The tear propagation strength in at least one direction may be 3 × 10 ³ N / m or more.

Further, the polyimide molded body may contain an inorganic powder, and the content of the inorganic powder may be 5 to 60 parts by weight based on 100 parts by weight of the polyimide.

The polyimide endless belt according to the present invention has a volume resistivity of 10 ⁶ Ω · cm to ^{10 10} Ω ·
cm.

The thickness is 10 to 1000 μm, and the difference between the maximum thickness and the minimum thickness is 20% of the average thickness.
It can be:

The polyimide endless belt of the present invention may have a fluororesin composition layer on at least one surface.

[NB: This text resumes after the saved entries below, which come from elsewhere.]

Lemma greedy_ge0 k n x : 0 <= f x (greedy k n x).
Proof.
elim: n => [|n IH] /=; first by rewrite f_diag.
by case: ifP => // /andP[_ H]; exact: le_trans IH (ltW H).
Qed.

Lemma greedy_max k n m x : (m < n)%N -> dX x (dn m) <= k%:R ->
  f x (dn m) <= f x (greedy k n x).
Proof.
elim: n => [//|n IH]; rewrite ltnS leq_eqVlt => /orP[/eqP ->|mn] hd.
  by rewrite /= hd /=; case: ltP.
have step : f x (greedy k n x) <= f x (greedy k n.+1 x).
  by rewrite /=; case: ifP => // /andP[_ /ltW].
exact: le_trans (IH mn hd) step.
Qed.

Lemma greedy_cases k n x : greedy k n x = x \/
  exists2 m, (m < n)%N & (dX x (dn m) <= k%:R /\ greedy k n x = dn m).
Proof.
elim: n => [|n IH] /=; first by left.
case: ifP => [/andP[H _]|_]; first by right; exists n.
by case: IH => [->|[m mn hm]]; [left | right; exists m => //; exact: ltnW].
Qed.

Definition greedy_value k x := f x (greedy k k x).

Lemma greedy_value_nondecreasing x :
  nondecreasing_seq (fun k => (greedy_value k x)%:E).
Proof.
apply/nondecreasing_seqP => k; rewrite lee_fin /greedy_value.
case: (greedy_cases k k x) => [->|[m mk [hm ->]]]; first by rewrite f_diag greedy_ge0.
apply: greedy_max; first exact: ltn_trans mk (ltnSn k).
by apply: le_trans hm _; rewrite ler_nat.
Qed.

Lemma greedy_measurable k n : measurable_fun setT (greedy k n).
Proof.
elim: n => [|n IH] /=; first exact: measurable_id.
have mid := @measurable_id _ X setT; have mcst := @measurable_cst _ _ X X setT (dn n).
apply: measurable_fun_ifT => //; apply: measurable_and.
- apply: measurable_fun_ler; last exact: measurable_cst.
  exact: continuous2_comp_measurable (dist_continuous2 hdX) mid mcst.
- by apply: measurable_fun_ltr; exact: continuous2_comp_measurable.
Qed.

Lemma greedy_value_measurable k : measurable_fun setT (greedy_value k).
Proof. exact: continuous2_comp_measurable f_cont (@measurable_id _ X setT) (greedy_measurable k k). Qed.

DETAILED DESCRIPTION OF THE INVENTION The present invention relates to an endless polyimide belt used in an electrophotographic apparatus such as an electrophotographic copying machine, a laser beam printer, a facsimile, and a composite machine thereof. Specifically, the transfer method of the endless polyimide belt of the present invention is an intermediate transfer belt method, and / or
Alternatively, the device to be incorporated is not particularly limited as long as it has a mechanism for directly or indirectly heating the belt. For example, a monocolor electrophotographic apparatus having only a single color (usually black) in the apparatus, a color electrophotographic apparatus in which a toner image carried on a photoreceptor is sequentially and primarily transferred to an intermediate transfer belt, and a developing apparatus for each color Any of a tandem-type color electrophotographic apparatus in which a plurality of latent image carriers provided with a device are arranged in series on an intermediate transfer belt may be used. Therefore, the polyimide endless belt of the present invention can be used not only for intermediate transfer and fixing, but also as an intermediate transfer belt and a fixing belt. The above-described intermediate transfer and fixing belt is a belt that performs an intermediate transfer process and a fixing process on the same belt.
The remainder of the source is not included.